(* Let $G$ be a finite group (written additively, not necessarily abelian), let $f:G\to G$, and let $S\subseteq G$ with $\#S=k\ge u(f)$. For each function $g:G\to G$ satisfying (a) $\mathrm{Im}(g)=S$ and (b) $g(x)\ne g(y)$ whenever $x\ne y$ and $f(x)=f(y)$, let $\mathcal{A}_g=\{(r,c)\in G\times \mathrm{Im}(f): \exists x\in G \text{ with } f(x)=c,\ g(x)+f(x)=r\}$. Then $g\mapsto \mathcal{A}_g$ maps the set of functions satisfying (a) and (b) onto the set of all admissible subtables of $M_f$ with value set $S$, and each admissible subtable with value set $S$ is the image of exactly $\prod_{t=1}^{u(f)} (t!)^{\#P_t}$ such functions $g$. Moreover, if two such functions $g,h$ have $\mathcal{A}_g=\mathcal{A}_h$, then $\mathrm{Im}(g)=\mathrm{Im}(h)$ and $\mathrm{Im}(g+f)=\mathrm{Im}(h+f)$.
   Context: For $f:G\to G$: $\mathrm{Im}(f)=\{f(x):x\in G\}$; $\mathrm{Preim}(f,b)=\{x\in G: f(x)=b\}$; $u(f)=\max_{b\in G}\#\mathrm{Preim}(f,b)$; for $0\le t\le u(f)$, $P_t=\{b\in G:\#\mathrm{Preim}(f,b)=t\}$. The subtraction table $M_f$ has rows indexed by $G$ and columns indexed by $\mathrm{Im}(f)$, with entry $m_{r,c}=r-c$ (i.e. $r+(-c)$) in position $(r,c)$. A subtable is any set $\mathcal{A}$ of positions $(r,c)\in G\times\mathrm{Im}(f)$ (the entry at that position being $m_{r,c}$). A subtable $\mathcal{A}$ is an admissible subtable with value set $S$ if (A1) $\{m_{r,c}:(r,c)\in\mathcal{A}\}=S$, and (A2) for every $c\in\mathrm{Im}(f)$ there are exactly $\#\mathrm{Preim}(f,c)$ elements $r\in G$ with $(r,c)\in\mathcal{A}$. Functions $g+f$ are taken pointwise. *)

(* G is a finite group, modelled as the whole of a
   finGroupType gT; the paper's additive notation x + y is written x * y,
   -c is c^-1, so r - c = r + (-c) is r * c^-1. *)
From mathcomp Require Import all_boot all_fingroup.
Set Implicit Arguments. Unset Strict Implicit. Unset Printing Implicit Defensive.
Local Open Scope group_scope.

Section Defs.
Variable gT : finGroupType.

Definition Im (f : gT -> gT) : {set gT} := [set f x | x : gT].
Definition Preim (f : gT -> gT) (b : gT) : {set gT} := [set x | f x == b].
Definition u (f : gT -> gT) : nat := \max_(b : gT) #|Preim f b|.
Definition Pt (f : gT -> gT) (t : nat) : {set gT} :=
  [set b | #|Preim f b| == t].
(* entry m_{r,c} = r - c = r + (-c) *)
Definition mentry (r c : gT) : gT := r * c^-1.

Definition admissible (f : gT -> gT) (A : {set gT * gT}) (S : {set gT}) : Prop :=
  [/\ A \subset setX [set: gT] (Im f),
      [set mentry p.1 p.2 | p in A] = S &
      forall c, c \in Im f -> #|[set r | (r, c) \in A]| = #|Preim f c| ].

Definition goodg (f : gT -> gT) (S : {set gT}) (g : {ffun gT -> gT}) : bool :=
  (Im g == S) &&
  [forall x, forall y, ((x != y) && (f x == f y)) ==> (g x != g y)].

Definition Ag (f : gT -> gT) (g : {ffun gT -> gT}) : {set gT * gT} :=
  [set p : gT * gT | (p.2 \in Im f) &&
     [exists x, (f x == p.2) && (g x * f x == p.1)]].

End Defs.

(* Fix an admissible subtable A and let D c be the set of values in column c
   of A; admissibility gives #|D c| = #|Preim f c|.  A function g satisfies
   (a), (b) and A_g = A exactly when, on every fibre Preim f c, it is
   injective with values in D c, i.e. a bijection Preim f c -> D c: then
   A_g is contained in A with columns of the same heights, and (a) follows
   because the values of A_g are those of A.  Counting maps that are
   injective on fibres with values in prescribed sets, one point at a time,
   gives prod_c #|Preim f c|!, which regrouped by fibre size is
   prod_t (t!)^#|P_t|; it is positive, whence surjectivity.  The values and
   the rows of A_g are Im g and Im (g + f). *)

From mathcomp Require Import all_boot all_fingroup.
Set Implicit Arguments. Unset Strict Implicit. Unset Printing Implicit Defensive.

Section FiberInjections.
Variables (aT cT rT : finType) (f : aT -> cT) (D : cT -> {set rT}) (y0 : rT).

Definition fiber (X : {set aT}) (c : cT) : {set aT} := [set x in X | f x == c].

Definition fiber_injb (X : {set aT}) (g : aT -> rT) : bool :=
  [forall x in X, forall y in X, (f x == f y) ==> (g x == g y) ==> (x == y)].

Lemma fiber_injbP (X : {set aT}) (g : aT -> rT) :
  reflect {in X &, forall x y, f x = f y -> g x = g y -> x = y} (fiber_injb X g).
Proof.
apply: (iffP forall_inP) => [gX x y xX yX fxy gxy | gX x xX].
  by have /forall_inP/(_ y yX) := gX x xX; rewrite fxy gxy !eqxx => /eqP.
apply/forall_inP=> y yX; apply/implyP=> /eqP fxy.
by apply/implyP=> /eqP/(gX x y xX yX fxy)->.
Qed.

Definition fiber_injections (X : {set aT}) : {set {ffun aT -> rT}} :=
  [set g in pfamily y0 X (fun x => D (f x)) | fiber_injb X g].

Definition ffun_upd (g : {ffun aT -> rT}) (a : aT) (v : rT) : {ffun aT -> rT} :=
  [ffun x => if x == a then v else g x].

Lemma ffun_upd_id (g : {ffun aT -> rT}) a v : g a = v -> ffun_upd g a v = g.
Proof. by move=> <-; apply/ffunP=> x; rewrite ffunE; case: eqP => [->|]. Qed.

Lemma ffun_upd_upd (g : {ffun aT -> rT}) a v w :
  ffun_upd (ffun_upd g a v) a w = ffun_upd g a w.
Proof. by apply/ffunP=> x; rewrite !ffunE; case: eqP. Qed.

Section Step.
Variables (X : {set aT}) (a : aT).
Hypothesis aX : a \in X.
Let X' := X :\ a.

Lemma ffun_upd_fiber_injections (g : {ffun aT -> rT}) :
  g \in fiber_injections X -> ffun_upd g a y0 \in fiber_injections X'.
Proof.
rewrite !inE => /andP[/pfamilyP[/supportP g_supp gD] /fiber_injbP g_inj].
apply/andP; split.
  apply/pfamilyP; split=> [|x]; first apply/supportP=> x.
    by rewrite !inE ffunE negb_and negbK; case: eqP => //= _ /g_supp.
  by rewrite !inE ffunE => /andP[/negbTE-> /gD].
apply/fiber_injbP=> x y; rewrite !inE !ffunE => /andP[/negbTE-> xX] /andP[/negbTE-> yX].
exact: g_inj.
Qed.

...

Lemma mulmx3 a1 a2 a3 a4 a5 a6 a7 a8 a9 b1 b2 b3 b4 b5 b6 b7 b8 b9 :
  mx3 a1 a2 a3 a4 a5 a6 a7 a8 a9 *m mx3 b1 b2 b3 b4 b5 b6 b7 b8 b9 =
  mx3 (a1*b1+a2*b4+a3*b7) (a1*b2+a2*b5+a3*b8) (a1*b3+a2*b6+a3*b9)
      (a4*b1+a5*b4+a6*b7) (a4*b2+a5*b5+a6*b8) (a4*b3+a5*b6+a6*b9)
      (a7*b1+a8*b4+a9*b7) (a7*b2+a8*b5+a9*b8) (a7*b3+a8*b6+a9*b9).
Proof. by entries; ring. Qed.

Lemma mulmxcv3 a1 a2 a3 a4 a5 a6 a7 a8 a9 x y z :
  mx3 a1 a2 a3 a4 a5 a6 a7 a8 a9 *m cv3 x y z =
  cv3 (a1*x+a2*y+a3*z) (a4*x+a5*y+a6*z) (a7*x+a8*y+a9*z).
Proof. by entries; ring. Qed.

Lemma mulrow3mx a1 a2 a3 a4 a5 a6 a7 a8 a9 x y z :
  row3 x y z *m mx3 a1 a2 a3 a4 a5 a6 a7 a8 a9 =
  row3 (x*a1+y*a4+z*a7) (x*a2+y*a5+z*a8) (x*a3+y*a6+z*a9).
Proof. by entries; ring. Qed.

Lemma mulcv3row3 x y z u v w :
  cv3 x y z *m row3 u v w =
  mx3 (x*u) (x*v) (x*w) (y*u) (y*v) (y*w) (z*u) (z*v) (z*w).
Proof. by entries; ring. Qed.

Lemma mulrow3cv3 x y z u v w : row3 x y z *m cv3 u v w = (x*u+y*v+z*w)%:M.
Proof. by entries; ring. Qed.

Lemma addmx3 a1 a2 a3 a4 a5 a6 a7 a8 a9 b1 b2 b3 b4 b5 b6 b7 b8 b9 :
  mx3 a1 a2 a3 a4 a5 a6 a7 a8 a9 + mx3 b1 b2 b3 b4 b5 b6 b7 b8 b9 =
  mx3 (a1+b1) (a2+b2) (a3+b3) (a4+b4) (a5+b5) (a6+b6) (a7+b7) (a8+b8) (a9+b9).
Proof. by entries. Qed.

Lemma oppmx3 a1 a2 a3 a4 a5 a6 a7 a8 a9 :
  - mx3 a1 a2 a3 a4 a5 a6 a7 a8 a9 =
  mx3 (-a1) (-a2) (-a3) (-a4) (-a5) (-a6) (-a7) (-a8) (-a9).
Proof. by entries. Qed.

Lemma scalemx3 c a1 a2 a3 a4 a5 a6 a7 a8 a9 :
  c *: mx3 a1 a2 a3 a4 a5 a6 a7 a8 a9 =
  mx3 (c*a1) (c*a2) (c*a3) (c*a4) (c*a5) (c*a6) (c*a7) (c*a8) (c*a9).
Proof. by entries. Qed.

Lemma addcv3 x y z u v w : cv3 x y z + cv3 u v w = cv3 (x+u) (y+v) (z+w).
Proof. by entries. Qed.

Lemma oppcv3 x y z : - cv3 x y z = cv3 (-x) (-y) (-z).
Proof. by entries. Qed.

==

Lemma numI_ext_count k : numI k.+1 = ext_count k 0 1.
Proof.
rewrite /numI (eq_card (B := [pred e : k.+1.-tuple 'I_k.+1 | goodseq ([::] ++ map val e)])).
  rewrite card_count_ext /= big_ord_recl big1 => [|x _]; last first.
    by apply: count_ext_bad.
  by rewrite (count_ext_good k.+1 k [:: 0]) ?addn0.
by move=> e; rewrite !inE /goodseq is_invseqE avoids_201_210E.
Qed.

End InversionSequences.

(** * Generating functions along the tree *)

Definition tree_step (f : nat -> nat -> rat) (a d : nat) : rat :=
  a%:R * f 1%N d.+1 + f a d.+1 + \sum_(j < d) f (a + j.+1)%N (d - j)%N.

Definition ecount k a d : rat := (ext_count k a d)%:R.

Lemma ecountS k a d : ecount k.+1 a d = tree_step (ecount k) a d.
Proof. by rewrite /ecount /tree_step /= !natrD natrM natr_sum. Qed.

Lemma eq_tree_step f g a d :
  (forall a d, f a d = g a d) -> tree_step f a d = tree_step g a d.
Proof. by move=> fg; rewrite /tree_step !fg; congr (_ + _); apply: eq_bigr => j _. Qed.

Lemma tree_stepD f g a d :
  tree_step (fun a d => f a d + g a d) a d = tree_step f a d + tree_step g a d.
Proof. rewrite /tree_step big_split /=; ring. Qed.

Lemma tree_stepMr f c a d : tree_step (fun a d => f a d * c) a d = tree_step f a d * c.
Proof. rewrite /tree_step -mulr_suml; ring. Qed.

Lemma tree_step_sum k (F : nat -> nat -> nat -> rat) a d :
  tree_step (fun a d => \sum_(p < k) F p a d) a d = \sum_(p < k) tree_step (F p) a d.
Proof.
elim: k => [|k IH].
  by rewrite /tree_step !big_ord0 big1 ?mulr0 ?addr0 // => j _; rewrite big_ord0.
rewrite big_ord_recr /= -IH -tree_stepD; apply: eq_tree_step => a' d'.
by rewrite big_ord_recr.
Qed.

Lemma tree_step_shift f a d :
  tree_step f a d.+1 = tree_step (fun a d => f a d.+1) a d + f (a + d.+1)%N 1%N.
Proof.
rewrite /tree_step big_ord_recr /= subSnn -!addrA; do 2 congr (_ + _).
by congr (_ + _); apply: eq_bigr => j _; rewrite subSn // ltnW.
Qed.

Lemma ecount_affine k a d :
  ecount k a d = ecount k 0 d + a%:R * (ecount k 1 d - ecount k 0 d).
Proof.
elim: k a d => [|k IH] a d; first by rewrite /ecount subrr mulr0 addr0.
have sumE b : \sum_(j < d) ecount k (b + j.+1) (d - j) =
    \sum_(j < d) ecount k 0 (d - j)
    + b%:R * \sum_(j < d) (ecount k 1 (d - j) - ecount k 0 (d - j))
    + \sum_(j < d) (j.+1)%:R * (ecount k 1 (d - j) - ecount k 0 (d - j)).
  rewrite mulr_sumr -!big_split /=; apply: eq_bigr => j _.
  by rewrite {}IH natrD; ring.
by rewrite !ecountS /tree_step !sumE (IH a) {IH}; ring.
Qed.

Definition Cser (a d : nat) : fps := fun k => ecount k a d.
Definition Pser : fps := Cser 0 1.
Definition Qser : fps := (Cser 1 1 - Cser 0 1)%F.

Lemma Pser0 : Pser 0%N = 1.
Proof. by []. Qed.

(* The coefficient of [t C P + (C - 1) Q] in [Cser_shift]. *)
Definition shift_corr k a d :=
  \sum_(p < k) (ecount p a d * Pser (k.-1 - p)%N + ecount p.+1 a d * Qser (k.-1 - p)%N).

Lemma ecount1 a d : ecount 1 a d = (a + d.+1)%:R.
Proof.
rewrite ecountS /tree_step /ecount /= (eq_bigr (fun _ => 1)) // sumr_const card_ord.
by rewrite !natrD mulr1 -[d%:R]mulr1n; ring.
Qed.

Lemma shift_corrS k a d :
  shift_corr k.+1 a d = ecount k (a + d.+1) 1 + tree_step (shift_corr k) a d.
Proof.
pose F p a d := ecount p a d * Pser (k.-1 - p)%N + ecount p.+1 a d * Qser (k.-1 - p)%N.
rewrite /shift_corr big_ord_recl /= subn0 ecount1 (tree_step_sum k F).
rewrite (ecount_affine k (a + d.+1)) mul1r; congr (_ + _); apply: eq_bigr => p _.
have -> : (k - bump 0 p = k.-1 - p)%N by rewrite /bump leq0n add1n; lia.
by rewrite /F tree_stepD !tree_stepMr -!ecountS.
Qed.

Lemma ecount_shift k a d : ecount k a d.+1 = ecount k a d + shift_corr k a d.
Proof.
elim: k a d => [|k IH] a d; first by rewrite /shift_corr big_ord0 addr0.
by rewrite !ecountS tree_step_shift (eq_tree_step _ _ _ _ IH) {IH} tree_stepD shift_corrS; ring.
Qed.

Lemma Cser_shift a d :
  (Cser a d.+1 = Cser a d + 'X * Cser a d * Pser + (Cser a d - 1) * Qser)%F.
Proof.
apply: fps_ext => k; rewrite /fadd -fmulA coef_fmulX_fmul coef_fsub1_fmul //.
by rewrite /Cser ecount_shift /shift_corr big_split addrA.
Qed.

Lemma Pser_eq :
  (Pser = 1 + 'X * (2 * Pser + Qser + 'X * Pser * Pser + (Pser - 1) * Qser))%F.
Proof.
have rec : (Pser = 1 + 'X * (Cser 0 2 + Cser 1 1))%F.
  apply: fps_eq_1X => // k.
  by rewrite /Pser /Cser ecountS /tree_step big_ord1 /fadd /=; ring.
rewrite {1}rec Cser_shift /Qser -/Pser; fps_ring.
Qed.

*ASSIGNMENT*:
List each line of the entries that holds the string "bool".

*RESPONSE*:
Definition goodg (f : gT -> gT) (S : {set gT}) (g : {ffun gT -> gT}) : bool :=
Definition fiber_injb (X : {set aT}) (g : aT -> rT) : bool :=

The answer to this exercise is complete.